27. The vaccine composition according to claim 26, characterized in that the vaccine lacks an adjuvant.

28. A pharmaceutical composition, characterized in that it comprises: '(a) the composition according to any one of claims 1 to 25 or the vaccine composition of any of claims 26 or 27; Y (b) a pharmaceutically acceptable carrier.

29. The composition according to claim 28, characterized in that it also comprises an adjuvant.

30. A method for treating, ameliorating, or preventing dengue fever, dengue hemorrhagic fever, and / or dengue shock syndrome, characterized in that it comprises administering an immunologically effective amount of the composition according to any one of claims 1 to 25. , of the vaccine composition of any of claims 26 or 27, and / or of the pharmaceutical composition of any of claims 28 or 29 to an animal, preferably a human .

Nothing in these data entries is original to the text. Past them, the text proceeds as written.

(* Let $r>0$. On the range $s>|r-1|$, the functional equation $f_1(s,r)+f_1(s+2r,r)=\frac{1}{s+1}$ has a unique solution satisfying $\lim_{s\to\infty}f_1(s,r)=0$, namely $$f_1(s,r)=\dfrac{1}{2-2r+2s+2\,\mathop{K}\limits_{n=1}^{\infty}\left(\dfrac{n^2r^2}{1-r+s}\right)},$$ and the functional equation $f_2(s,r)+f_2(s+2r,r)=\frac{1}{s+2r-1}$ has a unique solution satisfying $\lim_{s\to\infty}f_2(s,r)=0$, namely $$f_2(s,r)=\dfrac{1}{2r-2+2s+2\,\mathop{K}\limits_{n=1}^{\infty}\left(\dfrac{n^2r^2}{r-1+s}\right)}.$$
   Context: $\mathop{K}_{n=1}^{\infty}\left(\frac{a_n}{b}\right)$ denotes the continued fraction $\cfrac{a_1}{b+\cfrac{a_2}{b+\cdots}}$ (limit of convergents). *)

From Stdlib Require Import Reals.
From Coquelicot Require Import Coquelicot.
Open Scope R_scope.

Fixpoint cf_tail (a : nat -> R) (b : R) (k m : nat) : R :=
  match m with
  | O => 0
  | S m' => a k / (b + cf_tail a b (S k) m')
  end.

(* N-th convergent of K_{n=1}^oo (a_n / b). *)
Definition cf_conv (a : nat -> R) (b : R) (N : nat) : R := cf_tail a b 1 N.

(* Value of the continued fraction: limit of the convergents
   (meaningful when ex_finite_lim_seq holds). *)
Definition cf_val (a : nat -> R) (b : R) : R := real (Lim_seq (cf_conv a b)).

Definition num_seq (r : R) : nat -> R := fun n => (INR n) ^ 2 * r ^ 2.

Definition f1_sol (r s : R) : R :=
  1 / (2 - 2 * r + 2 * s + 2 * cf_val (num_seq r) (1 - r + s)).
(* Only the even generators K_c^{+-1}, E_a, F_a enter the root vectors, so only
   the U_v(gl_n) part of the relations is needed.  Each E_{a,b} is a weight
   vector of weight eps_a - eps_b: K_c E_{a,b} = v^(eps_c, eps_a - eps_b) E_{a,b} K_c,
   so the factors K_p K_q^{-1} produced by [E_a, F_a] can be moved across root
   vectors at the cost of explicit powers of v.  The bracket [x, y] = xy - yx is a
   derivation in each argument, and every case is proved by induction along the
   recursive definition of one of the two root vectors; the base cases reduce to
   [E_a, F_a] and to the commutation of generators with distant indices.  The case
   i = k, j = l is proved by induction on j, simultaneously with the case
   i = k < j, l = j + 1, on which the other cases then build. *)

Lemma vq_neq0 : vq != 0.
Proof. by rewrite /vq tofrac_eq0 polyX_eq0. Qed.

Lemma vq_sqr_sub1_neq0 : vq * vq - 1 != 0.
Proof.
rewrite /vq -tofracM -tofrac1 -tofracB tofrac_eq0.
by apply/eqP => /(congr1 (horner^~ 0)) /eqP; rewrite !hornerE oppr_eq0 oner_eq0.
Qed.

Lemma for_any_field (P : fieldType -> Prop) : (forall R, P R) -> P QV.
Proof. exact. Qed.

(* [field] does not terminate on the concrete field [QV], so identities in [vq]
   are proved for an arbitrary element of an arbitrary field satisfying the same
   non-vanishing conditions. *)
Ltac field_vq :=
  lazymatch goal with |- ?a = ?b => change (@eq (GRing.Field.sort QV) a b) end;
  move: vq_neq0 vq_sqr_sub1_neq0; generalize vq; pattern QV; apply: for_any_field;
  let R := fresh "R" in let w := fresh "w" in
  let w_neq0 := fresh "w_neq0" in let w_sqr_sub1_neq0 := fresh "w_sqr_sub1_neq0" in
  move=> R w w_neq0 w_sqr_sub1_neq0; field; rewrite ?w_neq0 ?w_sqr_sub1_neq0.

Section LinearCombination.
Variables (R : pzRingType) (V : lmodType R).

Inductive lin_expr :=
  | LinVar of nat
  | LinZero
  | LinAdd of lin_expr & lin_expr
  | LinOpp of lin_expr
  | LinScale of R & lin_expr.

Fixpoint lin_eval (xs : seq V) (t : lin_expr) : V :=
  match t with
  | LinVar k => xs`_k
  | LinZero => 0
  | LinAdd t u => lin_eval xs t + lin_eval xs u
  | LinOpp t => - lin_eval xs t
  | LinScale s t => s *: lin_eval xs t
  end.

31. Use of the composition according to any of claims 1 to 25, of the vaccine composition of any of claims 26 or 27, and / or of the pharmaceutical composition of any of claims 28 or 29 for the manufacture of a medicament. for the treatment, reduction and / or prevention of dengue fever, dengue hemorrhagic fever, and / or dengue shock syndrome in an animal, preferably in a human.

32. The composition according to any of claims 1 to 25, the vaccine composition of any of claims 26 or 27, and / or the pharmaceutical composition of any of claims 28 or 29, characterized in that it is for the treatment, aminorization and / or prevention of dengue fever, dengue hemorrhagic fever and / or dengue shock syndrome in an animal, preferably in a human.